Increasing the Minimum Wage in Ontario: A Flawed Anti-Poverty Policy
— Publié le 19, June, 2018
Main Conclusions
- As part of its Poverty Reduction Strategy, former Premier Kathleen Wynne’s government was planning to raise the minimum wage from $11.60 in 2017 to $15 per hour by 2019. But, raising the minimum wage is not an effective way to alleviate poverty, primarily because the policy fails to provide help targeted to families living in poverty.
- In 2015, the latest year of available data, 90.8% of workers earning minimum wage in Ontario did not live in low income families. Though counterintuitive, it makes sense once we explore their age and family situation. In fact, most of those earning minimum wage are not the primary or sole income-earner in their family.

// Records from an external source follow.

Lemma wpair_filterC w (P : pred (F * mon * mon)) G :
  wpair [seq x <- w | P x] G + wpair [seq x <- w | ~~ P x] G = wpair w G.
Proof. by rewrite /wpair !big_filter [RHS](bigID P). Qed.

Definition dcoef (b g : mon) : F := (\prod_(j < n) g j ^_ b j)%N%:R.

Lemma ppair_wact w p G :
  ppair (wact w p) G =
  wpair w (fun a b => ppair p (fun g => dcoef b g * G (monD a (monB g b)))).
Proof.
rewrite /ppair /wpair /wact big_allpairs_dep; apply: eq_bigr => x _.
by rewrite big_distrr; apply: eq_bigr => y _; rewrite /= /dcoef !mulrA.
Qed.

Lemma mon0D (z : mon) : monD (mon0 n) z = z.
Proof. by apply/ffunP => j; rewrite !ffunE. Qed.

Lemma monD0 (z : mon) : monD z (mon0 n) = z.
Proof. by apply/ffunP => j; rewrite !ffunE addn0. Qed.

Lemma monBK (b c : mon) : (forall j, c j <= b j)%N -> monD (monB b c) c = b.
Proof. by move=> le_cb; apply/ffunP => j; rewrite !ffunE subnK. Qed.

Lemma ppair_dmon b p G :
  ppair (wact (dmon F b) p) G = ppair p (fun g => dcoef b g * G (monB g b)).
Proof.
rewrite ppair_wact /wpair big_seq1 mul1r.
by apply: eq_ppair => g; rewrite mon0D.
Qed.

Lemma ppair_pmul p q G :
  ppair (pmul p q) G = ppair p (fun a => ppair q (fun g => G (monD a g))).
Proof.
rewrite /ppair /pmul big_allpairs_dep; apply: eq_bigr => x _.
by rewrite big_distrr; apply: eq_bigr => y _; rewrite /= mulrA.
Qed.
Lemma hdiffNS p : hdiff None (Some p) = 1.
Proof. by rewrite /hdiff /vdot /= mul0r add0r mul1r. Qed.

Lemma hdiffSN p : hdiff (Some p) None = 1.
Proof. by rewrite /hdiff /vdot /= mulr0 addr0 mul1r. Qed.

Lemma hdiff_neq0 x y : x <> y -> hdiff x y != 0.
Proof.
case: x => [q|]; case: y => [p|] //= xy.
- by rewrite hdiffSS subr_eq0; apply: contra_notN xy => /eqP->.
- by rewrite hdiffSN oner_eq0.
- by rewrite hdiffNS oner_eq0.
Qed.

Lemma hcol_scale_neq0 x l : l != 0 -> vscale (hcol x) l <> (0, 0).
Proof.
move=> l0; case: x => [q|] e; [have := congr1 snd e | have := congr1 fst e];
by rewrite /= mul1r => l0'; rewrite l0' eqxx in l0.
Qed.

Lemma hcol_neq0 x : hcol x <> (0, 0).
Proof.
case: x => [q|] e; [have /eqP := congr1 snd e | have /eqP := congr1 fst e];
by rewrite /= oner_eq0.
Qed.

Lemma hrow_neq0 x : hrow x <> (0, 0).
Proof.
case: x => [q|] e; [have /eqP := congr1 fst e | have /eqP := congr1 snd e];
by rewrite /= oner_eq0.
Qed.

Lemma hcol_scale_inj x y l l' : l != 0 ->
  vscale (hcol x) l = vscale (hcol y) l' -> x = y.
Proof.
move=> l0 e; have e1 := congr1 fst e; have e2 := congr1 snd e; move: e1 e2 {e}.
case: x => [q|]; case: y => [p|] //=; rewrite ?mul1r ?mul0r => e1 e2.
- by subst l'; congr Some; apply: (qmulIr l0).
- by rewrite e2 eqxx in l0.
- by rewrite e1 -e2 mulr0 eqxx in l0.
Qed.

Lemma fltS (g : mat2 R) (q : H) : flt g (Some q) =
  if mc g * q + md g == 0 then None
  else Some ((ma g * q + mb g) * (mc g * q + md g)^-1).
Proof. by rewrite /flt qeqbE. Qed.

Lemma fltN (g : mat2 R) : flt g None = if mc g == 0 then None else Some (ma g * (mc g)^-1).
Proof. by rewrite /flt qeqbE. Qed.

Lemma mulmv_hcol (g : mat2 R) x : mulmv g (hcol x) <> (0, 0) ->
  exists2 l, l != 0 & mulmv g (hcol x) = vscale (hcol (flt g x)) l.
Proof.
case: x => [q|]; rewrite /mulmv [hcol _]/= [(_, _).1]/= [(_, _).2]/=.
- rewrite fltS !mulr1; case: eqP => den0 nz.
  + exists (ma g * q + mb g); last by rewrite /vscale /= mul1r mul0r den0.
    by apply: contra_notN nz => /eqP->; rewrite den0.
  + by exists (mc g * q + md g); [apply/eqP | rewrite /vscale /= mul1r divrK //; apply/eqP].
- rewrite fltN !mulr0 !mulr1 !addr0; case: eqP => c0 nz.
  + exists (ma g); last by rewrite /vscale /= mul1r mul0r c0.
    by apply: contra_notN nz => /eqP->; rewrite c0.
  + by exists (mc g); [apply/eqP | rewrite /vscale /= mul1r divrK //; apply/eqP].
Qed.
Lemma ex_sorted_insert x s : StronglySorted R s ->
  exists s', StronglySorted R s' /\ forall y, In y s' <-> y = x \/ In y s.
Proof.
  induction 1 as [|h s H IH HF].
  - exists [x]; split; [repeat constructor|]. simpl; intuition.
  - destruct (R_total x h) as [Hxh|[<-|Hhx]].
    + exists (x :: h :: s); split.
      * constructor; [constructor; auto|].
        constructor; auto. rewrite Forall_forall in *; intros; eauto.
      * simpl; intuition.
    + exists (x :: s); split; [constructor; auto|]; simpl; intuition.
    + destruct IH as [s3 [Hs3 Hm]]. exists (h :: s3); split.
      * constructor; auto. rewrite Forall_forall in *; intros y Hy.
        apply Hm in Hy as [->|Hy]; auto.
      * intros y; simpl; rewrite Hm; intuition.
Qed.

Lemma ex_sorted_perm l : exists s, StronglySorted R s /\ forall x, In x s <-> In x l.
Proof.
  induction l as [|x l IH].
  - exists []; split; [constructor|simpl; tauto].
  - destruct IH as [s [Hs Hm]]. destruct (ex_sorted_insert x s Hs) as [s' [Hs' Hm']].
    exists s'; split; auto. intros y; rewrite Hm', Hm; simpl; intuition.
Qed.

Lemma ex_max l : l <> [] -> exists f, In f l /\ forall x, In x l -> x = f \/ R x f.
Proof.
  induction l as [|a l IH]; intros Hne; [congruence|].
  destruct l as [|b l'].
  - exists a; simpl; intuition.
  - destruct IH as [f [Hf Hm]]; [discriminate|].
    destruct (R_total a f) as [Haf|[<-|Hfa]].
    + exists f; split; [right; auto|]. intros x [<-|Hx]; auto.
    + exists a; split; [left; auto|]. intros x [<-|Hx]; auto.
    + exists a; split; [left; auto|]. intros x [<-|Hx]; auto.
      destruct (Hm x Hx) as [->|]; eauto.
Qed.

Lemma ex_sorted_prefix_split G (P : A -> Prop) :
  StronglySorted R G ->
  (forall y z, P y -> In z G -> ~ P z -> R y z) ->
  exists L1 L2, G = L1 ++ L2 /\ (forall y, In y L1 -> P y) /\ (forall z, In z L2 -> ~ P z).
Proof.
  induction 1 as [|h s H IH HF]; intros Hp.
  - exists [], []; simpl; intuition.
  - destruct (classic (P h)) as [Ph|nPh].
    + destruct IH as [L1 [L2 [E [H1 H2]]]].
      { intros y z Py Hz nPz; apply Hp; simpl; auto. }
      exists (h :: L1), L2; subst; simpl; intuition (subst; auto).
    + exists [], (h :: s); simpl; split; auto; split; [tauto|].
      intros z [<-|Hz] Pz; [exact (nPh Pz)|].
      rewrite Forall_forall in HF.
      apply (R_irrefl h); apply R_trans with z; [apply HF; exact Hz|].
      apply Hp; simpl; auto.
Qed.

End StrictTotalOrder.

Lemma ex_least_nat (P : nat -> Prop) :
  (exists n, P n) -> exists n, P n /\ forall j, j < n -> ~ P j.
Proof.
  intros [n Hn]. induction n as [n IH] using (well_founded_induction lt_wf).
  destruct (classic (exists j, j < n /\ P j)) as [[j [Hj Pj]]|Hno].
  - apply (IH j Hj Pj).
  - exists n; split; auto. intros j Hj Pj; apply Hno; eauto.
Qed.

Lemma ex_argmin_below (f : nat -> nat) N :
  0 < N -> exists i0, i0 < N /\ forall i, i < N -> f i0 <= f i.
Proof.
  induction N as [|N IH]; intros H; [lia|].
  destruct (Nat.eq_dec N 0) as [->|HN].
  - exists 0; split; auto; intros i Hi; replace i with 0 by lia; auto.
  - destruct IH as [i0 [Hi0 Hm]]; [lia|].
    destruct (le_lt_dec (f i0) (f N)).
    + exists i0; split; [lia|]. intros i Hi.
      destruct (Nat.eq_dec i N); [subst; auto|apply Hm; lia].
    + exists N; split; [lia|]. intros i Hi.
      destruct (Nat.eq_dec i N); [subst; auto|]. specialize (Hm i ltac:(lia)); lia.
Qed.

Lemma uncountable_inhabited {X} (S : X -> Prop) : uncountable_set S -> exists x, S x.
Proof.
  intros HU. apply NNPP; intros Hno. apply HU.
  exists (fun _ => 0). intros x y Hx; exfalso; eauto.
Qed.

Lemma uncountable_lists_length_pos {X} (A : list X -> Prop) N :
  (forall a, A a -> length a = N) -> uncountable_set A -> 0 < N.
Proof.
  intros HA HU. destruct N; [|lia]. exfalso. apply HU. exists (fun _ => 0).
  intros a a' Ha Ha' _. apply HA in Ha, Ha'. apply length_zero_iff_nil in Ha, Ha'. congruence.
Qed.
Lemma block_val k M j : (k <= j < k + M)%nat -> block k M (lam j) = a j.
Proof.
  induction M as [|M IH]; intros Hj; [lia|]. simpl.
  destruct (Nat.eq_dec j (k + M)) as [-> | Hne].
  - rewrite kronecker_same, block_zero; [ring|].
    intros j Hj' Heq. apply lam_inj in Heq. lia.
  - rewrite IH, kronecker_diff; [ring | | lia]. intros Heq. apply lam_inj in Heq. lia.
Qed.

Lemma tail_eventually_block k l :
  exists M0, forall M, (M0 <= M)%nat -> forall z, In z l -> tail k z = block k M z.
Proof.
  induction l as [|z l [M1 IH]].
  - exists O. intros M _ z [].
  - destruct (classic (exists j, (k <= j)%nat /\ lam j = z)) as [[j [Hj <-]] | Hnone].
    + exists (Nat.max M1 (S (j - k))). intros M HM t [<- | Ht].
      * rewrite tail_val, block_val; auto; lia.
      * apply IH; auto; lia.
    + exists M1. intros M HM t [<- | Ht]; [|apply IH; auto].
      rewrite tail_zero, block_zero; auto.
      * intros j Hj Heq. apply Hnone. exists j. split; auto; lia.
      * intros j Hj Heq. apply Hnone. eauto.
Qed.

Lemma tail_mass k l : NoDup l -> lsum (tail k) l <= 2 * a k.
Proof.
  intros Hnodup. destruct (tail_eventually_block k l) as [M0 Hagree].
  rewrite (lsum_ext _ (block k M0)) by (apply Hagree; lia).
  pose proof (block_mass k M0 l Hnodup). pose proof (a_pos (k + M0)). lra.
Qed.

Lemma tail_summable k : summable L (tail k).
Proof. exists (2 * a k). intros l Hl. apply tail_mass; auto. Qed.

Definition tail_vec k : E := exist _ (tail k) (tail_summable k).

Lemma tail_vec_norm k : l1_norm (tail_vec k) <= 2 * a k.
Proof. apply l1_norm_least. intros l Hl. apply tail_mass; auto. Qed.

Lemma tail_decomposition n : tail_vec O = l1_add (P n) (tail_vec n).
Proof.
  apply l1_ext. intros z. simpl. induction n as [|n IH].
  - simpl. ring.
  - rewrite IH, (tail_step n z). simpl. fold (P n) (a n) (lam n). ring.
Qed.

(** Writing x = P_n + a_n e_{λ_n} + tail_{n+1}, the coefficient of the lift
    at y_n is 0 + a_n m_n (up to sign) + a perturbation of size at most
    2 C a_{n+1} ≤ a_n m_n / 2, hence nonzero. *)
Lemma W_tail_yy n : W (tail_vec O) (yy n) <> 0.
Proof.
  rewrite (tail_decomposition (S n)), W_add, P_step, W_add, W_scal, W_P_yy.
  pose proof (W_bound (tail_vec (S n)) (yy n)) as Hrest.
  pose proof (tail_vec_norm (S n)). pose proof (a_small n).
  pose proof (a_pos n). pose proof (m_pos n).
  assert (Hgain : Rabs (a n * W (unit_vector (lam n)) (yy n)) = a n * m n).
  { rewrite Rabs_mult, Rabs_right by lra. reflexivity. }
  set (w := W (unit_vector (lam n)) (yy n)) in *.
  set (r := W (tail_vec (S n)) (yy n)) in *.
  assert (C * l1_norm (tail_vec (S n)) <= C * (2 * a (S n)))
    by (apply Rmult_le_compat_l; lra).
  assert (C * (2 * a (S n)) <= a n * m n / 2).
  { apply Rle_trans with (C * (2 * (a n * m n / (4 * C)))).
    - apply Rmult_le_compat_l; lra.
    - right. field. lra. }
  assert (0 < a n * m n) by (apply Rmult_lt_0_compat; auto).
  intros Hsum. assert (Hw : a n * w = - r) by lra.
  rewrite Hw, Rabs_Ropp in Hgain. lra.
Qed.

(** The infinitely many distinct y_n all lie in the finite support of the
    lift of [tail_vec 0]. *)
Lemma no_bounded_lifting : False.
Proof.
  set (S := support (tail_vec O)).
  set (ys := map yy (seq 0 (Datatypes.S (length S)))).
  assert (Hnodup : NoDup ys).
  { apply NoDup_map_NoDup_ForallPairs; [intros i j _ _; apply yy_inj | apply seq_NoDup]. }
  assert (Hincl : incl ys S).
  { intros y Hy. apply in_map_iff in Hy. destruct Hy as [k [<- _]].
    apply support_spec, W_tail_yy. }
  pose proof (NoDup_incl_length Hnodup Hincl) as Hlen.
  unfold ys in Hlen. rewrite length_map, length_seq in Hlen. lia.
Qed.

End NoBoundedLifting.

Lemma extremely_projective_topologically (P : NormedSpace) :
  extremely_projective P -> topologically_projective P.
Proof.
  intros Hext F E tau Htau phi Hlin Hbd.
  destruct (Hext F E tau Htau phi Hlin Hbd 1 Rlt_0_1) as [psi [Hpsi [Hbpsi [Hlift _]]]].
  exists psi. auto.
Qed.

(** The identity of l_1(Λ) does not lift through the evaluation map of [Free]. *)
Lemma l1_not_topologically_projective (L : Type) :
  infinite_type L -> ~ topologically_projective (l1 L).
Proof.
  intros HL Hproj.
  destruct (Hproj (Free (l1 L)) (l1 L) evaluation (evaluation_coisometric _) (fun x => x))
    as [psi [Hlin [[C0 Hbd] Hlift]]].
  - split; intros; reflexivity.
  - exists 1. intros x. lra.
  - apply (no_bounded_lifting L HL psi Hlin (Rmax C0 1)); auto.
    + pose proof (Rmax_r C0 1). lra.
    + intros x. eapply Rle_trans; [apply Hbd|].
      apply Rmult_le_compat_r; [apply ns_norm_nonneg | apply Rmax_l].
Qed.

Theorem proposition2p5 (L : Type) (HL : infinite_type L) :
  ~ topologically_projective (l1 L) /\ ~ extremely_projective (l1 L).
Proof.
  split.
  - apply l1_not_topologically_projective; auto.
  - intros Hext. apply (l1_not_topologically_projective L HL).
    apply extremely_projective_topologically; auto.
Qed.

- In 2017, the year before Ontario was to increase the minimum wage, 59.2% of all minimum wage earners were under the age of 25 and the vast majority of them (86.3%) lived with a parent or other relative.
- Moreover, 17.8% of all minimum wage earners had an employed spouse. Of these, 95.7% had spouses that were either self-employed or earning more than the minimum wage. Just 2.1% of Ontario minimum wage earners were single parents with young children.
- In addition to ineffectively targeting the working poor, raising the minimum wage also produces several unintended economic consequences to the detriment of young and inexperienced workers. These include fewer job opportunities, decreases in hours available for work, reductions in non-wage benefits, more automation, and higher consumer prices, which disproportionately hurt the working poor.
- A work-based subsidy is a more effective policy since it better targets the benefits to those in need without these negative economic consequences.